Tom and Jerry stand at either end of a straight track. They then run at a constant (but different) speed to the other end of the track, turn and run back to their original end at the same speed they ran before. On their first leg, they pass each other 20m from one end of the track. When they are both on their return leg, they pass each other a second time 10m from the other end of the track. How many metres long is the track?
My approach is not leading to any solution:
Assuming Jerry faster than tom: $R_j > R_t$
$D = r*t$
$D_J = D-20(1st-meeting) + 20 (end-of-track) + D-10(2nd-meeting) = {2D-10}$
$D_T= 20(1st-meeting) + D-20 (end-of-track) + 10(2nd-meeting) = D+10$
Their rates are different and so are their travelled distance, but the travelled time is the same.
$\frac{2D-10}{R_J} = \frac{D+10}{R_T}$
From now on, I honestly don't have ideas on how to proceed.
Best Answer
$$\overleftrightarrow{A\qquad \qquad \qquad \qquad B}$$
Let $AB$ be the track of length $x$. Assuming that Tom starts from $A$ and Jerry from $B$ (Taking the opposite case will lead to same solution for $x$ as this assumption is independent of track length)
Now, Time taken for first meet (as both Tom and Jerry are on their first leg) $=$ $$\frac{20}{R_T}=\frac{x-20}{R_J} \tag{i}$$ (Assuming that their first meet occurs at a distance of $20$ units from $A$*)
Time interval between first and second meet (as both Tom and Jerry are on their return leg during second pass) $ = $ $$\frac{(x-20)+10}{R_T}=\frac{20+(x-10)}{R_J} \tag{ii}$$ since their second meet occurs at a distance of $10$ units from the other end, $B$.

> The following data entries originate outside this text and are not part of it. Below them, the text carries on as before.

(* Let $\alpha\in\mathbb{R}\setminus\mathbb{Q}$ and consider the $\mathbb{Z}$-action on $\mathbb{R}/\mathbb{Z}$ given by $n\cdot\theta=\theta+n\alpha$. Then this system has a symbolic almost one-to-one extension (a subshift $(X,\mathbb{Z})$ of $\{0,1\}^{\mathbb{Z}}$ with an almost one-to-one factor map onto the rotation) which is tame but not null.
   Context: A factor map $\pi$ is almost one-to-one if $\{x:\pi^{-1}(\pi(x))=\{x\}\}$ is dense. For a subshift $X\subseteq\{0,1\}^{\mathbb{Z}}$ with shift action $\sigma$, a set $J\subseteq\mathbb{Z}$ is an independence set for $(A_0,A_1)$ ($A_j\subseteq X$) if for all finite $I\subseteq J$ and $a\in\{0,1\}^I$, $\bigcap_{i\in I}\sigma^{-i}A_{a_i}\ne\emptyset$. The system is tame if there are no distinct $x_0,x_1$ all of whose neighbourhood pairs have infinite independence sets, and null if there are no distinct $x_0,x_1$ all of whose neighbourhood pairs have finite independence sets of arbitrarily large size. *)

From Stdlib Require Import Reals ZArith List.
Open Scope R_scope.

Definition config := Z -> bool.

Definition shiftn (i : Z) (x : config) : config := fun n => x (n + i)%Z.

(* x and y agree on the window [-N, N] (basic cylinder neighbourhoods of the
   product topology). *)
Definition agree (N : Z) (x y : config) : Prop :=
  forall n : Z, (Z.abs n <= N)%Z -> x n = y n.

Definition subshift (X : config -> Prop) : Prop :=
  (exists x, X x) /\
  (forall x, (forall N, exists y, X y /\ agree N x y) -> X x) /\
  (forall x, X x -> X (shiftn 1 x)) /\
  (forall x, X x -> X (shiftn (-1) x)).

(* The circle R/Z is represented by the fundamental domain [0,1);
   the class of r is frac_part r.  Metric: distance to the nearest integer. *)
Definition circ_dist (a b : R) : R :=
  Rmin (frac_part (a - b)) (1 - frac_part (a - b)).

Definition irrational (alpha : R) : Prop :=
  forall p q : Z, q <> 0%Z -> alpha * IZR q <> IZR p.

Definition factor_map_onto_rotation (X : config -> Prop) (alpha : R)
    (pi : config -> R) : Prop :=
  (forall x, X x -> 0 <= pi x < 1) /\
  (forall x, X x -> forall eps, eps > 0 ->
     exists N, forall y, X y -> agree N x y -> circ_dist (pi x) (pi y) < eps) /\
  (forall theta, 0 <= theta < 1 -> exists x, X x /\ pi x = theta) /\
  (forall x, X x -> pi (shiftn 1 x) = frac_part (pi x + alpha)).

(* {x : pi^{-1}(pi x) = {x}} is dense in X. *)
Definition almost_one_to_one (X : config -> Prop) (pi : config -> R) : Prop :=
  forall x, X x -> forall N, exists y, X y /\ agree N x y /\
    (forall z, X z -> pi z = pi y -> z = y).

Definition nbhd (X : config -> Prop) (x : config) (U : config -> Prop) : Prop :=
  exists N, forall y, X y -> agree N x y -> U y.

Definition indep_set (X : config -> Prop) (A0 A1 : config -> Prop)
    (J : Z -> Prop) : Prop :=
  forall I : list Z, (forall i, In i I -> J i) ->
  forall a : Z -> bool,
    exists x, X x /\ forall i, In i I -> (if a i then A1 else A0) (shiftn i x).

Definition infinite_set (J : Z -> Prop) : Prop :=
  ~ exists l : list Z, forall i, J i -> In i l.

Definition tame (X : config -> Prop) : Prop :=
  ~ exists x0 x1, X x0 /\ X x1 /\ x0 <> x1 /\
    forall U0 U1, nbhd X x0 U0 -> nbhd X x1 U1 ->
      exists J, indep_set X U0 U1 J /\ infinite_set J.

Definition null (X : config -> Prop) : Prop :=
  ~ exists x0 x1, X x0 /\ X x1 /\ x0 <> x1 /\
    forall U0 U1, nbhd X x0 U0 -> nbhd X x1 U1 ->
      forall n : nat, exists l : list Z,
        NoDup l /\ (n <= length l)%nat /\ indep_set X U0 U1 (fun i => In i l).

From Stdlib Require Import Reals ZArith List Lra Lia Psatz Classical ClassicalEpsilon
  FunctionalExtensionality Rtopology.
Open Scope R_scope.

(* Colour the circle [0,1) by  code q = true  iff  q = 0, or q > 1/2,
   or 0 < q <= 1/8 and floor(1/q) is even: the colour changes at 1/8, 1/2 and
   at the points 1/c, c >= 9, which accumulate at the discontinuity 0.  The
   itinerary of a phase theta is  n |-> code(theta + n alpha mod 1), and the
   subshift Xa is the closure of the set of itineraries.

   Itineraries agreeing on a long window have close phases
   (Kronecker density of the multiples of alpha), so every point of Xa has a
   unique limit phase; [phase] is continuous, onto and equivariant, and
   injective above the phases whose orbit avoids the cutting points.

   Given x0 <> x1 with infinite independence sets, realising
   patterns by single itineraries shows that x0 and x1 have the same phase and
   differ at a time m whose phase is 0; the phases of the times k + m, k in
   the independence set, would then carry all colour patterns near 0, which
   is impossible since the colour only alternates finitely often between two
   scales ([coding_not_independent]).

   The itinerary of 0 and its copy with coordinate 0 flipped
   have arbitrarily large finite independence sets: for times k whose
   multiples k alpha are tiny and decrease fast, one shift places all of them
   in cells (1/(c+1), 1/c] of prescribed parities ([sweep]). *)

Lemma Int_part_plus_int r k : Int_part (r + IZR k) = (Int_part r + k)%Z.
Proof.
  symmetry; apply Int_part_spec. destruct (base_Int_part r) as [H1 H2].
  rewrite plus_IZR; lra.
Qed.

Lemma frac_plus_int r k : frac_part (r + IZR k) = frac_part r.
Proof. unfold frac_part. rewrite Int_part_plus_int, plus_IZR. ring. Qed.

Lemma frac_id r : 0 <= r < 1 -> frac_part r = r.
Proof. intros H. unfold frac_part. rewrite <- (Int_part_spec r 0); simpl; lra. Qed.

Lemma frac_bounds r : 0 <= frac_part r < 1.
Proof. destruct (base_fp r); lra. Qed.

Lemma frac_decomp r : r = IZR (Int_part r) + frac_part r.
Proof. unfold frac_part; ring. Qed.

Lemma frac_frac r : frac_part (frac_part r) = frac_part r.
Proof. apply frac_id, frac_bounds. Qed.

Lemma frac_eq_int a b : frac_part a = frac_part b -> exists k, a = b + IZR k.
Proof.
  intros H. exists (Int_part a - Int_part b)%Z. rewrite minus_IZR.
  rewrite (frac_decomp a), (frac_decomp b) at 1. rewrite H. ring.
Qed.

Lemma Int_part_eq r c : IZR c <= r < IZR c + 1 -> Int_part r = c.
Proof. intros H. symmetry. apply Int_part_spec. lra. Qed.

Lemma Int_part_mono x y : x <= y -> (Int_part x <= Int_part y)%Z.
Proof.
  intros H. destruct (base_Int_part x), (base_Int_part y).
  assert (IZR (Int_part x) < IZR (Int_part y + 1)) by (rewrite plus_IZR; lra).
  apply lt_IZR in H4. lia.
Qed.

Lemma int_small (k : Z) : Rabs (IZR k) < 1 -> k = 0%Z.
Proof.
  intros H. apply Rabs_def2 in H. destruct H.
  assert (-1 < k)%Z by (apply lt_IZR; simpl; lra).
  assert (k < 1)%Z by (apply lt_IZR; simpl; lra). lia.
Qed.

Solving (i) and (ii), we'll get a quadratic equation $x^2-50x=0$. Thus, $x=50$ units. $(\because x\neq 0)$
*Taking the other case, their first meet occurs at a distance of 20 units from end $B$ will lead to same solution because, in (i) and (ii) if $R_T$ and $R_J$ are replaced by one another, the solution for $x$ will remain unchanged.